Women are making some strides. According to a 2005 Catalyst Census of Women Board Directors of the Fortune 500, women held 14.7 percent of all Fortune 500 board seats, up from 13.6 percent in 2003 and 9.6 percent in 1995. But even that isn't such a rosy picture.
Catalyst has created a pyramid showing women's representation in the workforce. At the bottom is the general percentage of women in today's workforce: 46.4 percent. Next is the percentage of women in management, professional and related occupations: 50.6 percent. The Fortune 500 female corporate officers: 16.4 percent. Fortune 500 board seats occupied by women: 14.7 percent. Fortune 500 highest titles: 9.4 percent. Fortune 500 top earners: 6.4 percent. And finally, the Fortune 500 female chief executives: 1.6 percent.
Talk about lonely at the top.
Companies used to say that women weren't at the top because they didn't have the right experience or hadn't been "in the workforce long enough," Lang said. "They don't say that anymore. They recognize women have been in the workplace for a long time. They know this is about environmental and cultural barriers to women in the workplace. That doesn't mean it's easy to make change, but they understand that the workplace hasn't changed. And that the attitude toward executive women hasn't changed."
Rebecca Shambaugh, president and chief executive of Shambaugh Leadership, a consulting firm, thinks women sometimes keep themselves down. As I wrote in an earlier column, she thinks there is not necessarily a glass ceiling, but sometimes a sticky floor. "It's the fear of the unknown, the fear of getting out of the comfort zone," she said. "They don't test those assumptions or ask higher-ups how they do it."
However, she sees more women filling that vacuum -- just not so much in the Fortune 500. Rather, women are leading smaller firms or their own organizations. There were 6.5 million women-owned businesses in 2002, up 20 percent from 1997, according to U.S. Census figures released last year.

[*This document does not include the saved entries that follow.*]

(* Assume that for some $a_1>0$ and a constant $C>0$, with probability tending to one, $\max_{j\in[p]}\|\widehat{\partial_jm}-\partial_jm\|_2^2\le Cn^{-a_1}$, and let $a_2,b>0$. Then: (a) for every node $v\notin\mathcal I^\star$ there is $c>0$ such that $P\big(\hat w_v\ge c\, n^{\min(a_1,a_2)b}\big)\to1$; (b) for every node $v\in\mathcal I^\star$, $\hat w_v=O_P\big(1+n^{(a_2-a_1)b}\big)$.
   Context: A known rooted tree $\mathcal T$ with $T$ nodes has exactly $p$ leaves, identified with the coordinates $1,\dots,p$ of $X\in\mathbb R^p$, where $Y=m(X)+\varepsilon$ for a differentiable regression function $m$. For a node $v$, $\mathrm{le}(v)$ denotes the set of leaves that are equal to $v$ or are descendants of $v$; $\mathrm{sib}(v)$ denotes the set of nodes $u\neq v$ having the same parent as $v$ (empty for the root). Derivatives and norms. $\partial_j m$ is the partial derivative of $m$ w.r.t. the $j$-th coordinate of $X$ ($j=1,\dots,p$), and $\|f\|_2$ is the $L^2(P_X)$ norm; statements ''$\partial_jm=\partial_km$'', ''$\partial_jm\neq0$'' are meant as elements of $L^2(P_X)$. $\widehat{\partial_jm}$ are (data-dependent) pilot estimators of $\partial_jm$. Target aggregation set. $\mathcal I^\star$ is the set of nodes $v$ such that: (i) $\partial_jm\neq0$ for all $j\in\mathrm{le}(v)$; (ii) $\partial_jm=\partial_km$ for all $j,k\in\mathrm{le}(v)$; (iii) there exist $s\in\bigcup_{u\in\mathrm{sib}(v)}\mathrm{le}(u)$ and $j\in\mathrm{le}(v)$ with $\partial_sm\neq\partial_jm$. Adaptive weights. For each node $v$ set $C_{v,1}=\binom{|\mathrm{le}(v)|}{2}^{-1}\sum_{\{j,k\}\subseteq\mathrm{le}(v),\,j\ne k}\|\widehat{\partial_jm}-\widehat{\partial_km}\|_2^2$ (and $C_{v,1}=0$ if $|\mathrm{le}(v)|=1$), $C_{v,2}=|\mathrm{le}(v)|^{-1}\sum_{j\in\mathrm{le}(v)}\|\widehat{\partial_jm}\|_2^2$, $C_{v,3}=\big(|S_v|\,|\mathrm{le}(v)|\big)^{-1}\sum_{j\in\mathrm{le}(v)}\sum_{l\in S_v}\|\widehat{\partial_jm}-\widehat{\partial_lm}\|_2^2$ with $S_v=\bigcup_{u\in\mathrm{sib}(v)}\mathrm{le}(u)$ (and $C_{v,3}=0$ if $S_v=\emptyset$), and $\hat w_v=(n^{a_2}C_{v,1})^b+C_{v,2}^{-b}+C_{v,3}^{-b}$ (with $0^{-b}=+\infty$). *)

From HB Require Import structures.
From mathcomp Require Import all_boot all_order all_algebra.
From mathcomp Require Import all_classical all_reals all_analysis.
Set Implicit Arguments. Unset Strict Implicit. Unset Printing Implicit Defensive.
Import Order.TTheory GRing.Theory Num.Theory.
Import numFieldNormedType.Exports.
Local Open Scope classical_set_scope.
Local Open Scope ring_scope.

(* Nodes are 'I_T; [par v] is the parent of v (None for the root).      *)
Definition par_rel (T : nat) (par : 'I_T -> option 'I_T) : rel 'I_T :=
  fun u w => par u == Some w.
(* Assume the setting described in the context, with vertex polynomials $p_1,\dots,p_{2^m}$. Then: (i) $\Psi^-$ is initially positive if and only if every $p_i$ is initially positive; (ii) $\Psi^+$ is initially positive if and only if at least one $p_i$ is initially positive; (iii) there exists $\kappa\ge0$ with $\Psi^-(\kappa)<0$ if and only if there exist $\kappa\ge 0$ and an index $i$ with $p_i(\kappa)<0$; (iv) there exists $\kappa\ge0$ with $\Psi^+(\kappa)<0$ if and only if there exists $\kappa\ge0$ with $p_i(\kappa)<0$ for all $i$.
   Context: Let $n,m\ge 1$, $B\in\mathbb{Z}^{n\times m}$, $C\in\mathbb{Z}^{m\times n}$, and $J_2,J_4\in\mathbb{R}^{n\times n}$ symmetric. Given bounds $0\le \Delta_j^-\le \Delta_j^+<\infty$ ($j=1,\dots,m$), $\mathcal{D}$ is the set of diagonal matrices $\Delta=\mathrm{diag}(\Delta_1,\dots,\Delta_m)$ with $\Delta_j^-\le\Delta_j\le\Delta_j^+$. For real $\kappa\ge0$, $\Psi^-(\kappa)=\min_{\Delta\in\mathcal{D}}\det[-(B\Delta C+\kappa^2J_2+\kappa^4J_4)]$ and $\Psi^+(\kappa)=\max_{\Delta\in\mathcal{D}}\det[-(B\Delta C+\kappa^2J_2+\kappa^4J_4)]$. Let $\Delta^{(1)},\dots,\Delta^{(2^m)}$ be the vertices of $\mathcal{D}$ (all $\Delta_j\in\{\Delta_j^-,\Delta_j^+\}$) and $p_i(\kappa)=\det[-(B\Delta^{(i)}C+\kappa^2J_2+\kappa^4J_4)]$. A function $f$ on $[0,\infty)$ is initially positive if there is $\hat\kappa>0$ with $f(\kappa)>0$ for all $\kappa\in(0,\hat\kappa)$. *)

From HB Require Import structures.
From mathcomp Require Import all_boot all_order all_algebra.
From mathcomp Require Import boolp classical_sets reals.
Set Implicit Arguments. Unset Strict Implicit. Unset Printing Implicit Defensive.
Import Order.TTheory GRing.Theory Num.Theory.
Local Open Scope ring_scope.
Local Open Scope classical_set_scope.

Section Defs.
Variables (R : realType) (n m : nat).
Variables (B : 'M[int]_(n, m)) (C : 'M[int]_(m, n)) (J2 J4 : 'M[R]_n).

Definition Mk (d : 'rV[R]_m) (k : R) : 'M[R]_n :=
  - (map_mx intr B *m diag_mx d *m map_mx intr C + (k ^+ 2) *: J2 + (k ^+ 4) *: J4).

Definition detk (d : 'rV[R]_m) (k : R) : R := \det (Mk d k).

(* The box D of admissible diagonal matrices, encoded by their diagonals. *)
Definition Dset (dm dp : 'I_m -> R) : set 'rV[R]_m :=
  [set d | forall j : 'I_m, dm j <= d ord0 j <= dp j].

(* Ψ^- and Ψ^+ : min / max over the compact box D (attained, so = inf / sup). *)
Definition Psi_minus (dm dp : 'I_m -> R) (k : R) : R :=
  inf [set detk d k | d in Dset dm dp].
Definition Psi_plus (dm dp : 'I_m -> R) (k : R) : R :=
  sup [set detk d k | d in Dset dm dp].

Definition vertex (dm dp : 'I_m -> R) (s : {ffun 'I_m -> bool}) : 'rV[R]_m :=
  \row_j (if s j then dp j else dm j).

Definition pvert (dm dp : 'I_m -> R) (s : {ffun 'I_m -> bool}) (k : R) : R :=
  detk (vertex dm dp s) k.
End Defs.

Definition initially_positive (R : realType) (f : R -> R) : Prop :=
  exists khat : R, 0 < khat /\ forall k : R, 0 < k < khat -> 0 < f k.

(* Δ_j enters -(B Δ C + κ^2 J2 + κ^4 J4) only through the rank-one term
   Δ_j b_j c_j (b_j the j-th column of B, c_j the j-th row of C), so each
   determinant is affine in every Δ_j separately.  A multiaffine function on a
   box attains its minimum and maximum at vertices, hence Ψ^- and Ψ^+ are the
   pointwise minimum and maximum of the finitely many vertex polynomials p_s.
   Statements (i), (iii) and (iv) hold for the lower or upper envelope of any
   finite family of functions; (ii) also needs that each p_s, being a
   polynomial, has a constant sign on some interval (0, ε). *)

From HB Require Import structures.
From mathcomp Require Import all_boot all_order all_algebra.
From mathcomp Require Import boolp classical_sets reals.
From mathcomp Require Import polyrcf ring lra.
Set Implicit Arguments. Unset Strict Implicit. Unset Printing Implicit Defensive.
Import Order.TTheory GRing.Theory Num.Theory.
Local Open Scope ring_scope.

Lemma det_add_rank1 (F : fieldType) (n : nat) (N : 'M[F]_n) (u : 'cV_n) (w : 'rV_n) t :
  \det (N + t *: (u *m w)) = (1 - t) * \det N + t * \det (N + u *m w).
Proof.
(* The bordered matrix [[1, s w], [-u, N]] has determinant det (N + s u w) by
   elimination, and is affine in s since s only occurs in its first row. *)
pose Big s : 'M_(1 + n) := block_mx 1%:M (s *: w) (- u) N.
have detBig s : \det (Big s) = \det (N + s *: (u *m w)).
  have : block_mx 1%:M 0 u 1%:M *m Big s = block_mx 1%:M (s *: w) 0 (N + s *: (u *m w)).
    by rewrite mulmx_block !mul1mx !mul0mx !addr0 mulmx1 addrN -scalemxAr addrC.
  by move/(congr1 determinant); rewrite det_mulmx det_lblock det_ublock !det1 !mul1r.
have top : (ord0 : 'I_(1 + n)) = lshift n ord0 by apply/val_inj.
have row0 : row ord0 (Big t) = (1 - t) *: row ord0 (Big 0) + t *: row ord0 (Big 1).
  apply/rowP => j; rewrite !mxE top (unsplitK (inl ord0)) /=.
  by case: (split_ordP j) => j' ->; rewrite ?row_mxEl ?row_mxEr !mxE; ring.
have row'0 s : row' ord0 (Big s) = row' ord0 (Big t).
  apply/matrixP => i j; rewrite !mxE.
  have -> : lift ord0 i = rshift 1 i by apply/val_inj.
  by rewrite (unsplitK (inr i)).
have det0 : \det (Big 0) = \det N by rewrite detBig scale0r addr0.
have det1 : \det (Big 1) = \det (N + u *m w) by rewrite detBig scale1r.
by rewrite -detBig -det0 -det1 (determinant_multilinear row0) ?row'0.
Qed.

And if companies start listening to their boards and shareholders, perhaps they will work even harder to put more women in leadership positions. "In order to bring diversity and fresh viewpoints, companies need to bring those people to the table," Gwin said. "The public and shareholders are demanding diversity. . . . The demands have grown every year that I have been here to see more diversity at the corporate officer level."